Bad news for the Poly Network bridge, which fell victim to a hack yesterday morning that resulted in a malicious party undermining as much as $44 billion in BUSD, BNB and SHIB.
This was the second mishap for the platform in 2 years: in 2021 it had been hit by a theft the size of $600 million.
While the amount of the hack is significantly larger in this case, the amount of crypto assets actually sold was far less, as the attacker was unable to monetize the funds due to the absence of liquidity on some blockchains.
Let’s look at all the details together.
Poly Network hack: minted $44 billion worth of crypto
On Sunday, 2 July, the Poly Network bridge, a platform that allows different blockchain networks to interoperate, was hacked forcing the team to temporarily halt its services.
This is the second case of a breach of the protocol, after it was compromised for $600 million in 2021.
In this case, the compromised cryptocurrencies amount to a total countervalue of as much as $42 BILLION.
The attacker in question, who is still unknown, managed to exploit a vulnerability in the platforms’ smart contract that allowed him to mint unlimited tokens from the Poly Network pool.
On the technical side, according to a cryptography and web3 expert, the hacker manipulated a function that allowed him to “create a malicious parameter containing a fake validator signature and a block header.”
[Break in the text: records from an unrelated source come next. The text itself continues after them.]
Lemma alpha_witness : exists2 S : {set 'I_n}, stable E S & #|S| = alpha E.
Proof.
have [|S stS max_S] := @eq_bigmax_cond _ (stable E) (fun S => #|S|).
  by apply/card_gt0P; exists finset.set0; apply/forallP => i; rewrite inE.
by exists S; rewrite // -max_S.
Qed.

Lemma alpha_gt0 : irreflexive E -> (0 < n)%N -> (0 < alpha E)%N.
Proof.
move=> E_irr n_gt0; pose i0 := Ordinal n_gt0.
have stable1 : stable E [set i0].
  apply/forallP => i; apply/implyP => /set1P->.
  by apply/forallP => j; apply/implyP => /set1P->; rewrite E_irr.
by have := card_le_alpha stable1; rewrite cards1.
Qed.

Lemma alpha_k_witness (k : nat) : (0 < k)%N ->
  exists S (c : 'I_n -> 'I_k), proper_on E S c /\ #|S| = alpha_k k E.
Proof.
move=> k_gt0.
have [|S /asboolP[c properc] max_S] :=
  @eq_bigmax_cond _ (fun S => `[< k_colorable_set k E S >]) (fun S => #|S|).
  apply/card_gt0P; exists finset.set0; apply/asboolP.
  by exists (fun=> Ordinal k_gt0) => i; rewrite inE.
by exists S, c; rewrite -max_S.
Qed.

Lemma card_colour_classes (p : nat) (S : {set 'I_n}) (c : 'I_n -> 'I_p) :
  #|S| = (\sum_j #|[set i in S | c i == j]|)%N.
Proof.
rewrite -sum1_card (partition_big c predT) //=; apply: eq_bigr => j _.
by rewrite sum1dep_card cardsE.
Qed.

Lemma alpha_k_le (k : nat) : (alpha_k k E <= k * alpha E)%N.
Proof.
apply/bigmax_leqP => S /asboolP[c properc].
rewrite (card_colour_classes S c) -[k in (k * _)%N]card_ord -sum_nat_const.
by apply: leq_sum => j _; apply/card_le_alpha/stable_colour_class.
Qed.

End StableSets.

Lemma cards_ord0 (S : {set 'I_0}) : #|S| = 0%N.
Proof. by apply/eqP; rewrite -leqn0 (leq_trans (max_card _)) ?card_ord. Qed.

Lemma alpha_ord0 (E : rel 'I_0) : alpha E = 0%N.
Proof. by apply: big1 => S _; exact: cards_ord0. Qed.

Lemma alpha_k_ord0 (k : nat) (E : rel 'I_0) : alpha_k k E = 0%N.
Proof. by apply: big1 => S _; exact: cards_ord0. Qed.

Section Sandwich.
Variables (R : realType) (n k : nat) (E : rel 'I_n).
Hypotheses (E_irr : irreflexive E) (n_gt0 : (0 < n)%N) (k_gt0 : (0 < k)%N).
Hypothesis alpha_k_theta : (alpha_k k E)%:R = k%:R * theta R E.

Local Notation ak := ((alpha_k k E)%:R : R).

Lemma alpha_le_theta : (alpha E)%:R <= theta R E.
Proof.
have [S stS cardS] := alpha_witness E; rewrite -cardS.
by apply: card_stable_le_theta stS _; rewrite cardS alpha_gt0.
Qed.

Lemma alpha_k_eq_k_alpha : alpha_k k E = (k * alpha E)%N.
Proof.
apply/eqP; rewrite eqn_leq alpha_k_le /= -(ler_nat R) natrM alpha_k_theta.
by rewrite ler_wpM2l ?ler0n ?alpha_le_theta.
Qed.

Lemma innerJ_le_alpha_k (Z : 'M[R]_n) :
  symm Z -> zero_on_edges E Z -> \tr Z = k%:R -> psd Z -> innerJ Z <= ak.
Proof.
by move=> sZ zZ trZ pZ; rewrite alpha_k_theta -trZ innerJ_le_tr_theta // trZ ltr0n.
Qed.

Lemma tr_le_alpha_k (Z : 'M[R]_n) :
  zero_on_edges E Z -> psd (arrow_mx k%:R Z Z) -> \tr Z <= ak.
Proof.
move=> zZ pZ; rewrite alpha_k_theta tr_le_k_theta //.
exact: le_trans (ler0n _ _) alpha_le_theta.
Qed.

Lemma theta'_k_witness : exists2 Z : 'M[R]_n,
    [/\ symm Z, zero_on_edges E Z, \tr Z = k%:R, psd Z /\ psd (1%:M - Z) & nonneg_mx Z]
  & ak <= innerJ Z.
Proof.
have [S [c [properc cardS]]] := alpha_k_witness E k_gt0.
have a_gt0 := alpha_gt0 E_irr n_gt0.
have a_pos : 0 < (alpha E)%:R :> R by rewrite ltr0n.
exists ((alpha E)%:R^-1 *: colour_mx R S c); first split.
- exact/symmZ/symm_colour_mx.
- exact/zero_on_edgesZ/colour_mx_zero_on_edges.
- by rewrite mxtraceZ tr_colour_mx cardS alpha_k_eq_k_alpha natrM mulrCA mulVf ?mulr1 ?gt_eqF.
- split; first by apply: psdZ (psd_colour_mx _ _ _); rewrite invr_ge0 ltW.
  apply: psd_one_sub_colour_mx => // j.
  exact/card_le_alpha/(stable_colour_class _ properc).
- by move=> i j; rewrite mxE mulr_ge0 ?invr_ge0 ?ler0n ?nonneg_colour_mx.
rewrite innerJZ ler_pdivlMl // alpha_k_eq_k_alpha natrM.
have := sqr_card_le_innerJ R S c.
by rewrite cardS alpha_k_eq_k_alpha natrM expr2 -mulrA ler_pM2l ?ltr0n.
Qed.

Lemma theta1_witness : exists2 Z : 'M[R]_n,
  exists X, feas2 k E Z X /\ lin_ineq k Z X & \tr Z = ak.
Proof.
have [S [c [properc cardS]]] := alpha_k_witness E k_gt0.
exists (colour_mx R S c); last by rewrite tr_colour_mx cardS.
by exists (other_mx R S c); split; [exact: feas2_colour_mx | exact: lin_ineq_colour_mx].
Qed.

Lemma theta_k_eq_alpha_k : theta_k R k E = ak.
Proof.
apply: sup_eq_ub => [|_ [Z [sZ zZ trZ pZ _] <-]]; last exact: innerJ_le_alpha_k.
have [Z [sZ zZ trZ [pZ pIZ] _] JZ] := theta'_k_witness.
by exists (innerJ Z) => //; exists Z.
Qed.

Lemma theta'_k_eq_alpha_k : theta'_k R k E = ak.
Proof.
apply: sup_eq_ub => [|_ [Z [sZ zZ trZ [pZ _] _] <-]]; last exact: innerJ_le_alpha_k.
have [Z feasZ JZ] := theta'_k_witness.
by exists (innerJ Z) => //; exists Z.
Qed.

Lemma theta1_k_eq_alpha_k : theta1_k R k E = ak.
Proof.
apply: sup_eq_ub => [|_ [Z [X [feasZX _]] <-]].
  by have [Z feasZ trZ] := theta1_witness; exists (\tr Z); [exists Z | rewrite trZ].
by have [_ zZ _ _ pZ] := feas2_theta3_constraints k_gt0 feasZX; exact: tr_le_alpha_k.
Qed.

Lemma theta2_k_eq_alpha_k : theta2_k R k E = ak.
Proof.
apply: sup_eq_ub => [|_ [Z [X feasZX] <-]].
  have [Z [X [feasZX _]] trZ] := theta1_witness.
  by exists (\tr Z); [exists Z => //; exists X | rewrite trZ].
by have [_ zZ _ _ pZ] := feas2_theta3_constraints k_gt0 feasZX; exact: tr_le_alpha_k.
Qed.

Lemma theta3_k_eq_alpha_k : theta3_k R k E = ak.
Proof.
apply: sup_eq_ub => [|_ [Z [_ zZ _ _ pZ] <-]]; last exact: tr_le_alpha_k.
have [Z [X [feasZX _]] trZ] := theta1_witness.
by exists (\tr Z); [exists Z => //; exact: feas2_theta3_constraints feasZX | rewrite trZ].
Qed.

End Sandwich.

(* Without vertices no matrix has trace k > 0: theta_k and theta'_k are then
   suprema of the empty set, which [sup] sets to 0. *)
Section EmptyGraph.
Local Open Scope classical_set_scope.

Lemma sup_innerJ_ord0 (R : realType) (k : nat) (P : set 'M[R]_0) :
  (0 < k)%N -> (forall Z, P Z -> \tr Z = k%:R) -> sup [set innerJ Z | Z in P] = 0.
Proof.
move=> k_gt0 trP; apply: sup_eq0 => x [Z /trP trZ _].
have : (k%:R : R) != 0 by rewrite pnatr_eq0 -lt0n.
by rewrite -trZ /mxtrace big_ord0 eqxx.
Qed.

Lemma sup_tr_ord0 (R : realType) (P : set 'M[R]_0) : sup [set \tr Z | Z in P] = 0.
Proof. by apply: sup_eq0 => x [Z _ <-]; rewrite /mxtrace big_ord0. Qed.

End EmptyGraph.

Theorem lemma5 (R : realType) (n : nat) (E : rel 'I_n) (k : nat) :
  simple_graph E -> (1 <= k)%N ->
  (alpha_k k E)%:R = k%:R * theta R E ->
  theta_k R k E = theta'_k R k E /\
  theta'_k R k E = theta1_k R k E /\
  theta1_k R k E = theta2_k R k E /\
  theta2_k R k E = theta3_k R k E /\
  theta3_k R k E = (k * alpha E)%:R /\
  (k * alpha E)%:R = (alpha_k k E)%:R :> R.
Proof.
move=> [_ E_irr] k_gt0 alpha_k_theta.
case: n E E_irr alpha_k_theta => [|n] E E_irr alpha_k_theta.
  rewrite alpha_ord0 alpha_k_ord0 muln0 /theta_k /theta'_k /theta1_k /theta2_k /theta3_k.
  by rewrite !sup_tr_ord0 !(sup_innerJ_ord0 k_gt0) // => Z [].
rewrite theta_k_eq_alpha_k // theta'_k_eq_alpha_k // theta1_k_eq_alpha_k //.
rewrite theta2_k_eq_alpha_k // theta3_k_eq_alpha_k //.
by rewrite (alpha_k_eq_k_alpha E_irr _ alpha_k_theta).
Qed.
In detail, about 100 million BNB and and 10 billion BUSD were minted on the Metis blockchain, and 999 trillion SHIB on the Heco network, as well as numerous other minor tokens such as COW, COOK, OOE, STACK and GM on Polygon, Avalanche, BNB Chain and OKX chain.
At first glance, one could say that this represents the largest hack in crypto history, as a truly staggering amount was minted.
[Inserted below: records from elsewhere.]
Lemma primitive_of_odd u v t :
  0 <= t -> Z.Odd u \/ Z.Odd v -> primitive (u, v, 2 ^ t).
Proof.
  intros Ht Huv; unfold primitive.
  assert (Hd : (Z.gcd (Z.gcd u v) (2 ^ t) | 1)).
  { destruct Huv as [Hu | Hv].
    - rewrite <- (gcd_pow2_odd t u Ht Hu).
      apply Z.gcd_greatest; [apply Z.gcd_divide_r |].
      apply (Z.divide_trans _ (Z.gcd u v)); [apply Z.gcd_divide_l | apply Z.gcd_divide_l].
    - rewrite <- (gcd_pow2_odd t v Ht Hv).
      apply Z.gcd_greatest; [apply Z.gcd_divide_r |].
      apply (Z.divide_trans _ (Z.gcd u v)); [apply Z.gcd_divide_l | apply Z.gcd_divide_r]. }
  apply Z.divide_1_r in Hd; pose proof (Z.gcd_nonneg (Z.gcd u v) (2 ^ t)); lia.
Qed.

(* For squarefree q, a primitive triple (x, y, 2^r) with r >= 1 has x, y odd:
   both even contradicts primitivity, and exactly one odd forces 4 | q. *)
Lemma odd_of_primitive q r x y :
  squarefree q -> 1 <= r -> inT q (x, y, 2 ^ r) -> primitive (x, y, 2 ^ r) ->
  Z.Odd x /\ Z.Odd y.
Proof.
  intros Hsq Hr [E _] Hp; unfold primitive in Hp.
  replace (2 ^ r) with (2 * 2 ^ (r - 1)) in E, Hp
    by (rewrite <- Z.pow_succ_r by lia; f_equal; lia).
  set (P := 2 ^ (r - 1)) in *.
  destruct (Z.Even_or_Odd x) as [[x1 Hx] | Hx], (Z.Even_or_Odd y) as [[y1 Hy] | Hy].
  - exfalso.
    assert (Hd : (2 | Z.gcd (Z.gcd x y) (2 * P))).
    { apply Z.gcd_greatest; [apply Z.gcd_greatest; [exists x1 | exists y1] | exists P]; lia. }
    rewrite Hp in Hd; apply Z.divide_pos_le in Hd; lia.
  - exfalso; destruct Hy as [y1 Hy]; subst x y.
    apply (Hsq 2 prime_2); exists (P ^ 2 - x1 ^ 2 - q * y1 ^ 2 - q * y1); nia.
  - exfalso; destruct Hx as [x1 Hx]; subst x y; nia.
  - split; assumption.
Qed.

Lemma primitive_descent q t u v :
  0 <= t -> u ^ 2 + q * v ^ 2 = (2 ^ t) ^ 2 ->
  exists t' u' v' s, 0 <= t' <= t /\ inT q (u', v', 2 ^ t') /\
    primitive (u', v', 2 ^ t') /\ u = s * u' /\ v = s * v'.
Proof.
  intros Ht; revert u v; pattern t; apply natlike_ind; [| | exact Ht].
  - intros u v E; exists 0, u, v, 1.
    split; [lia | split; [split; [exact E | lia] | split; [apply Z.gcd_1_r | lia]]].
  - clear t Ht; intros t Ht IH u v E.
    assert (Hpos : 0 < 2 ^ Z.succ t) by (apply Z.pow_pos_nonneg; lia).
    assert (Hself : Z.Odd u \/ Z.Odd v -> exists t' u' v' s, 0 <= t' <= Z.succ t /\
              inT q (u', v', 2 ^ t') /\ primitive (u', v', 2 ^ t') /\ u = s * u' /\ v = s * v').
    { intros Hodd; exists (Z.succ t), u, v, 1.
      split; [lia | split; [split; [exact E | exact Hpos] | split; [| lia]]].
      apply primitive_of_odd; [lia | exact Hodd]. }
    destruct (Z.Even_or_Odd u) as [[u1 Hu] | Hu]; [| now apply Hself; left].
    destruct (Z.Even_or_Odd v) as [[v1 Hv] | Hv]; [| now apply Hself; right].
    subst u v; rewrite Z.pow_succ_r in E by exact Ht.
    assert (E1 : u1 ^ 2 + q * v1 ^ 2 = (2 ^ t) ^ 2) by nia.
    destruct (IH u1 v1 E1) as (t' & u' & v' & s & Ht' & Hin & Hp & -> & ->).
    exists t', u', v', (2 * s).
    split; [lia | split; [exact Hin | split; [exact Hp | split; ring]]].
Qed.

Lemma divide_out_pow2 q s m X Y :
  0 <= s <= m -> X ^ 2 + q * Y ^ 2 = (2 ^ m) ^ 2 -> (2 ^ s | Y) ->
  exists X' Y', X = 2 ^ s * X' /\ Y = 2 ^ s * Y' /\
    X' ^ 2 + q * Y' ^ 2 = (2 ^ (m - s)) ^ 2.
Proof.
  intros Hs E [Y' ->].
  assert (Hm : 2 ^ m = 2 ^ s * 2 ^ (m - s))
    by (rewrite <- Z.pow_add_r by lia; f_equal; ring).
  assert (Hpos : 0 < 2 ^ s) by (apply Z.pow_pos_nonneg; lia).
  destruct (pow2_divides_square s X) as [X' ->]; [lia | |].
  - exists ((2 ^ (m - s)) ^ 2 - q * Y' ^ 2).
    rewrite Hm in E; nia.
  - exists X', Y'; repeat split; try ring.
    apply (Z.mul_reg_l _ _ ((2 ^ s) ^ 2)); [nia |].
    rewrite Hm in E.
    transitivity ((X' * 2 ^ s) ^ 2 + q * (Y' * 2 ^ s) ^ 2); [ring | rewrite E; ring].
Qed.

(* The key congruence: for odd points of norms 4^k and 4^r (k <= r), one of
   y a - x b and y a + x b is divisible by 2^(2k-1).  Indeed their product is
   4^k (y^2 - b^2 4^(r-k)) and their halves have odd sum y a. *)
Lemma conjugate_products_divisibility q k r a b x y :
  1 <= k <= r -> Z.Odd a -> Z.Odd b -> Z.Odd x -> Z.Odd y ->
  a ^ 2 + q * b ^ 2 = (2 ^ k) ^ 2 -> x ^ 2 + q * y ^ 2 = (2 ^ r) ^ 2 ->
  (2 ^ (2 * k - 1) | y * a - x * b) \/ (2 ^ (2 * k - 1) | y * a + x * b).
Proof.
  intros Hk [a1 Ha] [b1 Hb] [x1 Hx] [y1 Hy] Ea Ex.
  set (u := y1 * a - x1 * b + a1 - b1).
  set (w := y1 * a + x1 * b + a1 + b1 + 1).
  assert (Hu : y * a - x * b = 2 * u) by (unfold u; subst; ring).
  assert (Hw : y * a + x * b = 2 * w) by (unfold w; subst; ring).
  assert (Hk2 : (2 ^ k) ^ 2 = 4 * 2 ^ (2 * k - 2))
    by (rewrite <- Z.pow_mul_r, <- (Z.pow_add_r 2 2) by lia; f_equal; lia).
  assert (Hr : 2 ^ r = 2 ^ k * 2 ^ (r - k))
    by (rewrite <- Z.pow_add_r by lia; f_equal; ring).
  assert (Hd : 2 ^ (2 * k - 1) = 2 * 2 ^ (2 * k - 2))
    by (rewrite <- Z.pow_succ_r by lia; f_equal; lia).
  assert (Huw : u * w = 2 ^ (2 * k - 2) * (y ^ 2 - b ^ 2 * (2 ^ (r - k)) ^ 2)).
  { apply (Z.mul_reg_l _ _ 4); [lia |].
    transitivity ((y * a - x * b) * (y * a + x * b)); [rewrite Hu, Hw; ring |].
    transitivity (y ^ 2 * (a ^ 2 + q * b ^ 2) - b ^ 2 * (x ^ 2 + q * y ^ 2)); [ring |].
    transitivity ((2 ^ k) ^ 2 * (y ^ 2 - b ^ 2 * (2 ^ (r - k)) ^ 2));
      [rewrite Ea, Ex, Hr; ring | rewrite Hk2; ring]. }
  assert (Hodd : Z.Odd (u + w)).
  { exists (2 * y1 * a1 + y1 + a1); unfold u, w; subst; ring. }
  rewrite Hu, Hw, Hd.
  destruct (pow2_divides_a_factor (2 * k - 2) u w) as [[s Hs] | [s Hs]];
    [lia | exact Hodd | exists (y ^ 2 - b ^ 2 * (2 ^ (r - k)) ^ 2); rewrite Huw; ring | |];
    [left | right]; exists s; rewrite Hs; ring.
Qed.

Section Descent.

Variables (q k a b : Z).
Hypotheses (Hq : 0 < q) (Hsq : squarefree q) (Hk : 2 <= k)
  (Hg : inT q (a, b, 2 ^ k)) (Hgp : primitive (a, b, 2 ^ k))
  (Hmin : ~ (exists (x y j : Z), 1 <= j < k /\ inT q (x, y, 2 ^ j) /\ primitive (x, y, 2 ^ j))).

Local Notation g := (a, b, 2 ^ k).

Definition primitive_multiples_at (r : Z) : Prop :=
  forall x y, inT q (x, y, 2 ^ r) -> primitive (x, y, 2 ^ r) -> multiple_point q g (x, y).

(* An odd pair (a,b) with a^2 + b^2 divisible by 4 is impossible, so q <> 1. *)
Lemma q_neq_1 : q <> 1.
Proof.
  intros ->.
  destruct (odd_of_primitive 1 k a b Hsq ltac:(lia) Hg Hgp) as [Ha Hb].
  destruct (odd_square a Ha) as [m Hm], (odd_square b Hb) as [m' Hm'].
  destruct Hg as [E _].
  replace (2 ^ k) with (2 * 2 ^ (k - 1)) in E by (rewrite <- Z.pow_succ_r by lia; f_equal; lia).
  lia.
Qed.

(* Below level k the only primitive points are (+-1, 0), proportional to the
   identity 0.[g]. *)
Lemma multiples_below_k j : j < k -> primitive_multiples_at j.
Proof.
  intros Hj x y Hin Hp.
  assert (Hj0 : 0 <= j).
  { destruct (Z_lt_le_dec j 0) as [Hneg | Hnn]; [| exact Hnn].
    destruct Hin as [_ Hc]; rewrite Z.pow_neg_r in Hc by exact Hneg; lia. }
  destruct (Z.eq_dec j 0) as [-> | Hjne];
    [| exfalso; apply Hmin; exists x, y, j; split; [lia | split; assumption]].
  destruct Hin as [E _]; change ((2 ^ 0) ^ 2) with 1 in E.
  assert (Hy : y = 0).
  { pose proof q_neq_1; destruct (Z.eq_dec y 0) as [| Hy]; [assumption |]; nia. }
  exists 0; subst y; unfold cross; simpl; ring.
Qed.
However, in truth, the attacker only managed to monetize $5 million, due to the absence of liquidity on the networks that were affected.
In fact, without a pool where the minted cryptocurrencies could be converted, the individual found himself with an incredible amount of worthless coins!
This is because the Poly Network team, following the embarrassing incident, immediately moved to alert on-chain analytics companies and major crypto projects, which blocked the liquidity taps for the affected assets and networks.
In total, the exploit affected 57 different assets, but the ones that were actually sold were only about 20, excluding the billion-dollar amounts in BUSD, BNB, and SHIB.
It is funny to see how the 99 million BNB that were minted by the exploiter and transferred to a second address should be worth $24.8 billion on paper but are actually worth nothing.
Liquidity is everything: monetizing the hack became impossible for the hacker
The case of the Poly Network bridge hack is illustrative of the meaning of the phrase “liquidity is everything” that is often heard resonating when discussing DeFi‘s decentralized protocols.
While in the 2021 hack of the same platform, in which the North Korean group Lazarus managed to get away with a haul of $600 million, in this case the lack of liquidity was crucial in preventing a mass sell-off of multiple cryptocurrencies.
Indeed, a few hours after the incident, all affected infrastructures moved to minimize the impact of the hack by shutting down liquidity pools where the attacker could have converted the coins minted out of thin air.
The Metis blockchain team immediately reassured its community and that of the Binancians that there wasn’t enough liquidity on its network to sell BNB and BUSD, which represented the crypto assets most at risk of sell-off.
Moreover, Changpeng Zhao himself, founder of the crypto exchange, also stated in a timely manner that the incident would not hurt BNB and BUSD, since Binance does not accept deposits on Metis networks.
Without a decentralized pool where minted funds can be swapped, and without a backing exchange where they can be traded, these assets remain worthless.
In general, when hacks like this happen, where assets worth billions are compromised, the cooperation of key centralized infrastructures is critical to prevent disastrous consequences.
While the liquidity taps remain empty, regulators and on-chain tracking companies are trying to trace the identity of the individual who escaped with $5 million in his pocket.
Although there were no serious consequences, this still remains a detriment to the crypto community, which can no longer use certain pools and utilize certain interoperability services.
While we wait to find out new unpublished facts about this interesting story, we can only congratulate the Poly Network team, which managed to get hacked twice in the space of two years, demonstrating incompetence in their activities.
The issue opens up a very interesting debate about the nature of bridges, which are very useful for moving from one blockchain to another but extremely vulnerable as well as a favorite place for crypto pirates who since 2017 have stolen as much as $2.5 billion from this kind of platform.